#### Provided material ####

(* Let $\mu$ be a probability measure on $\mathbb{R}^d$, $\nu=\sum_{i=1}^M w_i\delta_{y_i}$ with $w_i>0$, $\sum_iw_i=1$, $w_{\min}=\min_iw_i$, and $c:\mathbb{R}^d\times\mathbb{R}^d\to[0,\infty)$ a cost. Assume the semi-dual objective $H$ admits a minimizer, and let $K$ be a compact set with $\mu(K)\ge1-\frac12 w_{\min}$, with associated projection set $\mathcal C$, and let $\mathbf g^*\in\mathcal C$ be a minimizer of $H$. Run PSGD with step sizes $\gamma_k=\gamma_1/k^{b}$, where $b=1/2$ and $\gamma_1=\mathrm{Diam}(\mathcal C)/(2\sqrt2)$. Then for every $n\ge1$, $$\mathbb{E}\big[H(\bar{\mathbf g}_n)-H(\mathbf g^* )\big]\le \frac{4\sqrt2\,\mathrm{Diam}(\mathcal C)}{\sqrt n}.$$
   Context: For $\mathbf g\in\mathbb{R}^M$: $\mathbf g^c(x)=\min_i\{c(x,y_i)-g_i\}$; Laguerre cells $\mathbb L_j(\mathbf g)=\{x:\mathbf g^c(x)=c(x,y_j)-g_j\}$; $h(\mathbf g,x)=-\mathbf g^c(x)-\sum_jw_jg_j$; $H(\mathbf g)=\mathbb{E}_{X\sim\mu}[h(\mathbf g,X)]$. Projection set: $\|c\|_{K,\infty}=\sup_{x\in K,j}|c(x,y_j)|$, $\mathcal C=\{\mathbf g\in\mathbb{R}^M:|g_j|\le\|c\|_{K,\infty}\ \forall j\}$, $\mathrm{Proj}_{\mathcal C}$ the Euclidean projection onto $\mathcal C$, and $\mathrm{Diam}(\mathcal C)$ its Euclidean diameter. PSGD: given $\gamma_1>0$, $b$, i.i.d. samples $X_1,X_2,\dots\sim\mu$, start from $\mathbf g_0\in\mathcal C$ and for $k\ge1$ set $\mathbf g_k=\mathrm{Proj}_{\mathcal C}\big(\mathbf g_{k-1}-\gamma_k\,\partial_{\mathbf g}h(\mathbf g_{k-1},X_k)\big)$, $\gamma_k=\gamma_1k^{-b}$, where $\partial_{\mathbf g}h(\mathbf g,x)_j=\mathbf 1_{x\in\mathbb L_j(\mathbf g)}-w_j$ (a point lying in several cells is assigned to one of them by a fixed rule); the averaged iterate is $\bar{\mathbf g}_n=\frac1{n+1}\sum_{k=0}^n\mathbf g_k$. *)

From HB Require Import structures.
From mathcomp Require Import all_boot all_order all_algebra.
From mathcomp Require Import all_classical all_reals all_analysis.
Set Implicit Arguments. Unset Strict Implicit. Unset Printing Implicit Defensive.
Import Order.TTheory GRing.Theory Num.Theory.
Import numFieldNormedType.Exports.
Local Open Scope classical_set_scope.
Local Open Scope ring_scope.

####

§ Exercise instructions
The lines from the one containing "From mathcomp Require Import all_classical" through the end of the data are to be copied exactly, the first and last of them included.

§ Answer box
From mathcomp Require Import all_classical all_reals all_analysis.
Set Implicit Arguments. Unset Strict Implicit. Unset Printing Implicit Defensive.
Import Order.TTheory GRing.Theory Num.Theory.
Import numFieldNormedType.Exports.
Local Open Scope classical_set_scope.
Local Open Scope ring_scope.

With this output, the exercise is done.